Dedicated Deployments

Run Your Vision Models on Dedicated Servers with Roboflow

What are Dedicated Deployments?

Dedicated Deployments are private cloud servers managed by Roboflow, specifically designed to run your computer vision models. These models can include:

  • Object detection

  • Image segmentation

  • Classification

  • Keypoint detection

  • Foundation models like CLIP (if trained on Roboflow)

  • Roboflow Workflows (low-code vision applications)

  • ...and many others!

Benefits of Dedicated Deployments:

  • Focus on your machine vision business problem, leave the infrastructure to us: Spin up inference serving infrastructure with a few clicks and without having to signup with cloud providers, installing and securing servers, managing TLS certificates or worrying about server management, patching, updates etc.

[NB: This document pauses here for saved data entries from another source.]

Lemma diffop_sum (I : Type) (r : seq I) (P : pred I) (D : I -> fn -> fn) :
  (forall j, P j -> is_diffop (D j)) -> is_diffop (\sum_(j <- r | P j) D j).
Proof.
move=> dD; apply: big_ind => //; last exact: diffopD.
by exists [::]; split => // f _; apply/funext => x; rewrite big_nil.
Qed.

Lemma diffop_mull (a : fn) D : smooth a -> is_diffop D -> is_diffop (fun f => a * D f).
Proof.
move=> sa /diffop_expansion [l sl eD].
pose M p := fun f => (a * p.1) * iter_partial p.2 f.
have dM : is_diffop (\sum_(p <- l | p \in l) M p).
  by apply: diffop_sum => p pl; apply: diffop_monomial; apply: smoothM => //; exact: sl.
apply: (diffop_ext dM).
move=> f sf; rewrite eD // fct_sumE -big_seq mulr_sumr.
by apply: eq_bigr => p _; rewrite mulrA.
Qed.

Lemma diffopN D : is_diffop D -> is_diffop (- D).
Proof.
move=> dD; apply: (diffop_ext (diffop_mull (smooth_cst (-1)) dD)) => f _.
by apply/funext => x; rewrite /= mulN1r.
Qed.

Lemma diffop_partial i D : is_diffop D -> is_diffop (fun f => partial i (D f)).
Proof.
move=> /diffop_expansion [l sl eD].
pose M p := fun f => partial i p.1 * iter_partial p.2 f + p.1 * iter_partial (i :: p.2) f.
have dM : is_diffop (\sum_(p <- l | p \in l) M p).
  apply: diffop_sum => p pl; apply: diffopD; apply: diffop_monomial; last exact: sl.
  exact: (smooth_iter_partial [:: i] (sl p pl)).
apply: (diffop_ext dM).
move=> f sf; rewrite fct_sumE /= eD // big_seq partial_sum; last first.
  by move=> p pl x; apply: differentiableM; [exact: (sl p pl [::]) | exact: sf].
by apply: eq_bigr => p pl; rewrite partialM // => x; exact: (sl p pl [::]).
Qed.

Lemma diffop_iter_partial s D : is_diffop D -> is_diffop (fun f => iter_partial s (D f)).
Proof. by move=> dD; elim: s => [|i s IH] /=; [exact: dD | exact: diffop_partial]. Qed.

Lemma diffop_comp D1 D2 : is_diffop D1 -> is_diffop D2 -> is_diffop (D1 \o D2).
Proof.
move=> /diffop_expansion [l sl eD1] dD2.
pose M p := fun f => p.1 * iter_partial p.2 (D2 f).
have dM : is_diffop (\sum_(p <- l | p \in l) M p).
  by apply: diffop_sum => p pl; apply: diffop_mull; [exact: sl | exact: diffop_iter_partial].
apply: (diffop_ext dM).
move=> f sf; rewrite fct_sumE /= -big_seq eD1 //; exact: diffop_smooth.
Qed.

Lemma diffop_series_inv (rho : nat -> fn -> fn) :
  (forall r, is_diffop (rho r.+1)) -> forall r, is_diffop (series_inv rho r).
Proof.
move=> drho; elim/ltn_ind => -[_|r IH]; first exact: diffop_id.
rewrite series_invS; apply/diffopN/diffop_sum => t _.
apply: diffop_comp; first exact: IH.
by rewrite subSn ?drho // -ltnS.
Qed.

End DifferentialOperators.

Unset Implicit Arguments.

Theorem corollary4 (R : realType) (n : nat)
  (P : ('rV[R]_n -> R) -> ('rV[R]_n -> R) -> ('rV[R]_n -> R))
  (C : nat -> ('rV[R]_n -> R) -> ('rV[R]_n -> R) -> ('rV[R]_n -> R))
  (rho : nat -> ('rV[R]_n -> R) -> ('rV[R]_n -> R)) :
  poisson_bracket P ->
  star_product P C ->
  sun_cochains C rho ->
  exists S : nat -> ('rV[R]_n -> R) -> ('rV[R]_n -> R),
    [/\ (forall f, smooth f -> S 0%N f = f),
        (forall r, (1 <= r)%N -> is_diffop (S r)) &
        (forall f g, smooth f -> smooth g ->
           applyS S (sunF rho (embF f) (embF g)) = embF (mulfn f g))].
Proof.
move=> _ _ rho_cochains; exists (series_inv rho); split.
- by [].
- by move=> r _; apply: diffop_series_inv => k; exact: (rho_cochains k.+1).1.
- move=> f g _ _; apply/funext => r; apply/funext => x.
  have /(congr1 (fun h => h x)) := series_invK rho r (mulfn f g).
  by rewrite fct_sumE /applyS /sunF /embF /= => ->; case: r.
Qed.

  • Dedicated Resources: Get cloud servers allocated specifically for your use, ensuring consistent performance for your models.

  • Secure Access: Dedicated Deployments are accessible with your workspace's unique API key and utilize HTTPS for secure communication.

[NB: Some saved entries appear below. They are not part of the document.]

(* Let $q$ be a prime power, let $r$ be an odd prime not dividing $q$ such that the multiplicative order of $q$ modulo $r$ is $r-1$. Let $n>1$ with $\gcd(n,r-1)=1$, and let $f(x)$ be a monic irreducible polynomial of degree $n$ over $\mathbb{F}_q$ of order $t$. Let $R(x)\in\mathbb{F}_q[x]$ be the remainder of $x^r$ modulo $f(x)$, i.e. $x^r\equiv R(x)\pmod{f(x)}$, and let $\psi(x)=\sum_{u=0}^{n}\psi_u x^u\in\mathbb{F}_q[x]$ be the monic nonzero polynomial of least degree such that $$\sum_{u=0}^{n}\psi_u\,(R(x))^u\equiv 0\pmod{f(x)}.$$ Then $\psi(x)$ is an irreducible polynomial of degree $n$ over $\mathbb{F}_q$, and $$F(x)=\frac{\psi(x^r)}{f(x)}$$ is an irreducible polynomial of degree $(r-1)n$ over $\mathbb{F}_q$ whose order is $rt$.
   Context: The order of a polynomial $P(x)\in\mathbb{F}_q[x]$ with $P(0)\neq0$ is the least positive integer $e$ such that $P(x)$ divides $x^e-1$; for an irreducible $P$ it equals the multiplicative order of any of its roots. *)

From HB Require Import structures.
From mathcomp Require Import all_boot all_order all_algebra all_field.
Set Implicit Arguments. Unset Strict Implicit. Unset Printing Implicit Defensive.
Import GRing.Theory.
Local Open Scope ring_scope.

Definition is_mult_order_mod (q r e : nat) : Prop :=
  (0 < e)%N /\ (q ^ e = 1 %[mod r])%N /\
  (forall k : nat, (0 < k)%N -> (q ^ k = 1 %[mod r])%N -> (e <= k)%N).

Definition is_poly_order (F : fieldType) (P : {poly F}) (e : nat) : Prop :=
  (0 < e)%N /\ P %| 'X^e - 1 /\
  (forall k : nat, (0 < k)%N -> P %| 'X^k - 1 -> (e <= k)%N).

(* Let a be a root of f; it lives in the stem field F_q(a) = F_{q^n} and has
   multiplicative order t.  Since q has order r - 1 modulo r and n is prime to
   r - 1, r does not divide q^n - 1, hence r is prime to t: b = a^r again has
   order t and a is a power of b.  The polynomial psi is the minimal polynomial
   of b, so it is irreducible of degree n, and psi(x^r) vanishes at a.
   Let c be a root of an irreducible factor h of G = psi(x^r) / f (the F of the
   statement).  Then c^r is a conjugate of b, so it has order t.  If c had
   order t as well, c would be the same power of c^r as a is of b, hence a root
   of f; but f does not divide G because psi is separable.  So c has order rt,
   which divides q^(deg h) - 1; this forces r - 1 and n, hence (r - 1) n =
   deg G, to divide deg h.  Thus G is irreducible, and its order is the order
   rt of its roots. *)

From HB Require Import structures.
From mathcomp Require Import all_boot all_order all_algebra all_field zify.
From Stdlib Require Import Classical.
Set Implicit Arguments. Unset Strict Implicit. Unset Printing Implicit Defensive.
Import GRing.Theory.
Local Open Scope ring_scope.
Local Notation "p ^ f" := (map_poly f p) : ring_scope.

Lemma mult_order_mod_dvdn (q r e k : nat) :
  is_mult_order_mod q r e -> (q ^ k = 1 %[mod r])%N -> (e %| k)%N.
Proof.
move=> [e_gt0 [qe1 e_min]] qk1; apply: contraT; rewrite -lt0n => km_gt0.
suff: (e <= k %% e)%N by rewrite leqNgt ltn_mod e_gt0.
apply: e_min => //; move: qk1.
rewrite {1}(divn_eq k e) mulnC expnD expnM -modnMml -modnXm qe1.
by rewrite modnXm exp1n modnMml mul1n.
Qed.

Lemma coprime_modn_inv (r t : nat) :
  (0 < r)%N -> coprime r t -> exists s, (r * s = 1 %[mod t])%N.
Proof.
move=> r_gt0 co_rt; case: (egcdnP t r_gt0) => s k def_rs _.
by exists s; rewrite mulnC def_rs (eqP co_rt) modnMDl.
Qed.

Lemma dvdn_pred_eqmod x r : (0 < x)%N -> (r %| x.-1)%N = (x == 1 %[mod r])%N.
Proof. by move=> x_gt0; rewrite eqn_mod_dvd // subn1. Qed.

Section PrimitiveRoots.

Variable R : nzRingType.
Implicit Types z : R.

Lemma prim_root_order_inj m n z :
  m.-primitive_root z -> n.-primitive_root z -> m = n.
Proof.
move=> prim_m prim_n; apply/eqP; rewrite eqn_dvd.
by rewrite (prim_order_dvd prim_m) (prim_order_dvd prim_n) !prim_expr_order ?eqxx.
Qed.

Lemma eq_prim_root_of_unity (S : nzRingType) n z (w : S) :
  (forall k, (z ^+ k == 1) = (w ^+ k == 1)) ->
  n.-primitive_root z = n.-primitive_root w.
Proof.
by move=> zw; congr andb; apply: eq_forallb => i; rewrite !unity_rootE zw.
Qed.

Lemma expr_modn_inv z t r s :
  z ^+ t = 1 -> (r * s = 1 %[mod t])%N -> (z ^+ r) ^+ s = z.
Proof. by move=> zt1 rs1; rewrite -exprM -(expr_mod _ zt1) rs1 expr_mod ?expr1. Qed.

End PrimitiveRoots.

Lemma root_map_comp_Xn (F : nzRingType) (L : comNzRingType)
    (io : {rmorphism F -> L}) (p : {poly F}) k w :
  root ((p \Po 'X^k) ^ io) w = root (p ^ io) (w ^+ k).
Proof. by rewrite map_comp_poly map_polyXn /root horner_comp hornerXn. Qed.

Lemma root_map_Xn_sub1 (F L : nzRingType) (io : {rmorphism F -> L}) k w :
  root (('X^k - 1) ^ io) w = (w ^+ k == 1).
Proof.
by rewrite rmorphB /= map_polyXn rmorph1 /root hornerD hornerN hornerXn hornerC subr_eq0.
Qed.

Lemma map_poly_Xn_subX (F L : nzRingType) (io : {rmorphism F -> L}) N :
  ('X^N - 'X) ^ io = 'X^N - 'X.
Proof. by rewrite rmorphB /= map_polyXn map_polyX. Qed.

Lemma dvdp_deriv_sq (R : fieldType) (p g : {poly R}) : (p * p) %| g -> p %| g^`().
Proof.
move=> /dvdpP [u ->]; rewrite !derivM mulrA.
apply: dvdp_add; first exact: dvdp_mull (dvdpp p).
apply/dvdp_mull/dvdp_add; [exact: dvdp_mull (dvdpp p) | exact: dvdp_mulr (dvdpp p)].
Qed.

Lemma root_irreducible_dvdp (F K : fieldType) (iota : {rmorphism F -> K})
    (h p : {poly F}) (w : K) :
  irreducible_poly h -> root (h ^ iota) w -> root (p ^ iota) w = (h %| p).
Proof.
move=> h_irr hw; apply/idP/idP => [pw | /dvdpP [u ->]]; last first.
  by rewrite rmorphM rootM hw orbT.
apply: contraT => h_ndvd_p.
have /eqP size_gcd : coprimep h p by rewrite irreducible_poly_coprime.
have gcd_neq0 : (gcdp h p) ^ iota != 0.
  by rewrite map_poly_eq0 gcdp_eq0 negb_and irredp_neq0.
have := @root_size_gt1 _ w _ gcd_neq0; rewrite size_map_poly size_gcd ltnn.
by rewrite gcdp_map root_gcd hw pw => /(_ isT).
Qed.

Lemma irreducible_factor (F : fieldType) (g : {poly F}) :
  (1 < size g)%N -> exists2 h, irreducible_poly h & h %| g.
Proof.
have [N] := ubnP (size g); elim: N g => // N IH g.
rewrite ltnS => g_le_N g_gt1.
have [g_irr | g_red] := classic (irreducible_poly g); first by exists g.
have [d [d_size d_dvd d_neqp]] :
    exists d : {poly F}, [/\ size d != 1%N, d %| g & ~ d %= g].
  apply: NNPP => no_d; apply: g_red; split=> // d d_size d_dvd.
  by apply: NNPP => d_neqp; apply: no_d; exists d.
have g_neq0 : g != 0 by rewrite -size_poly_gt0 ltnW.
have d_lt_g : (size d < size g)%N.
  rewrite ltn_neqAle dvdp_leq // andbT.
  by apply: contra_notN d_neqp; rewrite dvdp_size_eqp.
have d_gt1 : (1 < size d)%N.
  rewrite ltn_neqAle eq_sym d_size size_poly_gt0.
  by apply: contraTneq d_dvd => ->; rewrite dvd0p.
have [h h_irr h_dvd] := IH d (leq_trans d_lt_g g_le_N) d_gt1.
by exists h; last exact: dvdp_trans d_dvd.
Qed.

Lemma expf_card_pow (F : finFieldType) (c : F) m : c ^+ (#|F| ^ m) = c.
Proof. by elim: m => [|m IHm]; rewrite ?expr1 // expnSr exprM IHm expf_card. Qed.

Lemma expf_card_pred (K : finFieldType) (y : K) : y != 0 -> y ^+ #|K|.-1 = 1.
Proof.
move=> y_neq0; apply: (mulIf y_neq0).
by rewrite mul1r -exprSr prednK ?expf_card // ltnW // finNzRing_gt1.
Qed.

Lemma natf_neq0_card (F : finFieldType) r :
  prime r -> ~~ (r %| #|F|)%N -> (r%:R : F) != 0.
Proof.
move=> r_prime r_ndvd_q; have [p p_prime pcharFp] := finPcharP F.
rewrite -(dvdn_pcharf pcharFp) (dvdn_prime2 p_prime r_prime).
apply: contra r_ndvd_q => /eqP <-.
case: (logn _ _) (card_pprimeChar pcharFp) => [|k] card_F.
  by have := finNzRing_gt1 F; rewrite card_F.
by rewrite card_F expnS dvdn_mulr.
Qed.

Lemma frobenius_powD (F K : finFieldType) (iota : {rmorphism F -> K}) m (y z : K) :
  (y + z) ^+ (#|F| ^ m) = y ^+ (#|F| ^ m) + z ^+ (#|F| ^ m).
Proof.
have [p p_pr pcharFp] := finPcharP F.
apply: exprDn_pchar; rewrite (card_pprimeChar pcharFp) -expnM pnatX.
by rewrite (pnatE _ p_pr) (rmorph_pchar iota pcharFp).
Qed.

Section StemField.

Variable F : finFieldType.
Local Notation q := #|F|.

Definition stem_field (K : finFieldType) (iota : {rmorphism F -> K}) (x : K)
    (h : {poly F}) :=
  [/\ #|K| = (q ^ (size h).-1)%N,
      forall p, root (p ^ iota) x = (h %| p)
    & forall y : K, exists p, y = (p ^ iota).[x]].

Lemma stem_field_exists (h : {poly F}) : irreducible_poly h ->
  exists (K : finFieldType) (iota : {rmorphism F -> K}) (x : K), stem_field iota x h.
Proof.
move=> h_irr; have h_neq0 := irredp_neq0 h_irr.
pose hM := (lead_coef h)^-1 *: h.
have hM_h : hM %= h by rewrite eqp_scale ?invr_eq0 ?lead_coef_eq0.
have hM_mi : monic_irreducible_poly hM.
  split; last by rewrite monicE lead_coefZ mulVf ?lead_coef_eq0.
  split=> [|d d_size]; first by rewrite (eqp_size hM_h); case: h_irr.
  rewrite (eqp_dvdr _ hM_h) => /(h_irr _ d_size) /eqp_trans; apply.
  by rewrite eqp_sym.
pose K := {poly %/ hM with hM_mi}.
pose iota : {rmorphism F -> K} := qfpoly_const hM_mi.
have hornerX p : (p ^ iota).[qpolyX hM : K] = in_qpoly hM p.
  by rewrite -[in RHS](comp_polyXr p) in_qpoly_comp_horner.
exists K, iota, (qpolyX hM : K); split.
- by rewrite card_qfpoly (eqp_size hM_h).
- move=> p; rewrite /root hornerX -(eqp_dvdl _ hM_h).
  have hM_monic : hM \is monic := hM_mi.2.
  apply/eqP/idP => [/val_eqP /= | hM_dvd_p].
    by rewrite -Pdiv.IdomainMonic.modpE mk_monicE.
  by apply/val_eqP; rewrite /= -Pdiv.IdomainMonic.modpE mk_monicE.
- move=> y; exists (y : {poly F}); rewrite hornerX; apply: val_inj => /=.
  by rewrite Pdiv.Ring.rmodp_small //; apply: size_mk_monic.
Qed.

Section OneStemField.

Variables (K : finFieldType) (iota : {rmorphism F -> K}) (x : K) (h : {poly F}).
Hypothesis stem : stem_field iota x h.
Local Notation d := (size h).-1.

Lemma stem_field_dvdp_Xn_subX : h %| 'X^(q ^ d) - 'X.
Proof.
have [card_K root_K _] := stem.
by rewrite -root_K map_poly_Xn_subX /root !hornerE -card_K expf_card subrr.
Qed.

Lemma stem_field_root_frobenius (L : fieldType) (io : {rmorphism F -> L}) w :
  root (h ^ io) w -> w ^+ (q ^ d) = w.
Proof.
move=> hw; have /dvdpP [u def_P] := stem_field_dvdp_Xn_subX.
have : root (('X^(q ^ d) - 'X) ^ io) w by rewrite def_P rmorphM rootM hw orbT.
by rewrite map_poly_Xn_subX /root !hornerE subr_eq0 => /eqP.
Qed.

Lemma stem_field_frobenius_fixed m :
  x ^+ (q ^ m) = x -> forall y : K, y ^+ (q ^ m) = y.
Proof.
have [_ _ gen_K] := stem; move=> xm y; have [p ->] := gen_K y.
elim/poly_ind: p => [|p c IHp].
  by rewrite map_poly0 horner0 expr0n expn_eq0 gtn_eqF // ltnW // finNzRing_gt1.
rewrite rmorphD rmorphM /= map_polyX map_polyC /= hornerMXaddC.
by rewrite (frobenius_powD iota) exprMn IHp xm -rmorphXn /= expf_card_pow.
Qed.

Lemma stem_field_frobenius_deg m : (0 < m)%N -> x ^+ (q ^ m) = x -> (d <= m)%N.
Proof.
move=> m_gt0 /stem_field_frobenius_fixed fixed; have [card_K _ _] := stem.
have q_gt1 := finNzRing_gt1 F.
pose P : {poly K} := 'X^(q ^ m) - 'X.
have size_P : size P = (q ^ m).+1.
  rewrite size_polyDl ?size_polyXn // size_polyN size_polyX ltnS.
  by rewrite (leq_trans q_gt1) // -{1}(expn1 q) leq_pexp2l // ltnW.
have P_neq0 : P != 0 by rewrite -size_poly_eq0 size_P.
have roots_P : all (root P) (enum K).
  by apply/allP => y _; rewrite /root !hornerE fixed subrr.
have := max_poly_roots P_neq0 roots_P (enum_uniq K).
by rewrite size_P -cardE card_K ltnS leq_exp2l.
Qed.

Lemma stem_field_deg_gt0 : (0 < d)%N.
Proof.
have [card_K _ _] := stem; have := finNzRing_gt1 K.
by rewrite card_K lt0n; apply: contraTneq => ->.
Qed.

Lemma stem_field_frobenius_dvd m : (0 < m)%N -> x ^+ (q ^ m) = x -> (d %| m)%N.
Proof.
have [card_K _ _] := stem.
have iter_fixed j k : x ^+ (q ^ j) = x -> x ^+ (q ^ (j * k)) = x.
  by move=> xj; elim: k => [|k IHk]; rewrite ?muln0 ?expr1 // mulnS expnD exprM xj IHk.
move=> m_gt0 xm; have xd : x ^+ (q ^ d) = x by rewrite -card_K expf_card.
have [a _ dvd_m] := Bezoutl d m_gt0.
have xg : x ^+ (q ^ gcdn m d) = x.
  have := iter_fixed _ ((gcdn m d + a * d) %/ m)%N xm.
  by rewrite mulnC divnK // expnD mulnC exprM mulnC iter_fixed.
have g_gt0 : (0 < gcdn m d)%N by rewrite gcdn_gt0 m_gt0.
apply/gcdn_idPr/eqP; rewrite eqn_leq stem_field_frobenius_deg // andbT.
by rewrite dvdn_leq ?dvdn_gcdr ?stem_field_deg_gt0.
Qed.

Lemma stem_field_poly_order m : is_poly_order h m <-> m.-primitive_root x.
Proof.
have [_ root_K _] := stem.
have dvd_Xn_sub1 k : (h %| 'X^k - 1) = (x ^+ k == 1).
  by rewrite -root_K root_map_Xn_sub1.
split=> [[m_gt0 [h_dvd h_min]] | prim_x].
  rewrite dvd_Xn_sub1 in h_dvd.
  have [k prim_k k_dvd_m] := prim_order_exists m_gt0 (eqP h_dvd).
  have m_le_k : (m <= k)%N.
    apply: h_min; first exact: prim_order_gt0 prim_k.
    by rewrite dvd_Xn_sub1 (prim_expr_order prim_k).
  suff -> : m = k by [].
  by apply/eqP; rewrite eqn_leq m_le_k dvdn_leq.
split; first exact: prim_order_gt0 prim_x.
split=> [|k k_gt0]; first by rewrite dvd_Xn_sub1 (prim_expr_order prim_x).
by rewrite dvd_Xn_sub1 -(prim_order_dvd prim_x); apply: dvdn_leq.
Qed.

End OneStemField.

  • Easy Integration: Each deployment receives a subdomain within roboflow.cloud, simplifying integration with your applications.

Current Limitations:

  • All dedicated deployments are currently hosted in US-based data centers; users from other Geographies may see higher latencies. Please contact us for a customized solution if you are outside of US, we can help you to reduce the network latency.

  • Dedicated deployments are available to Basic, Growth, Growth-UBP, and Enterprise plan workspaces. See Roboflow plans.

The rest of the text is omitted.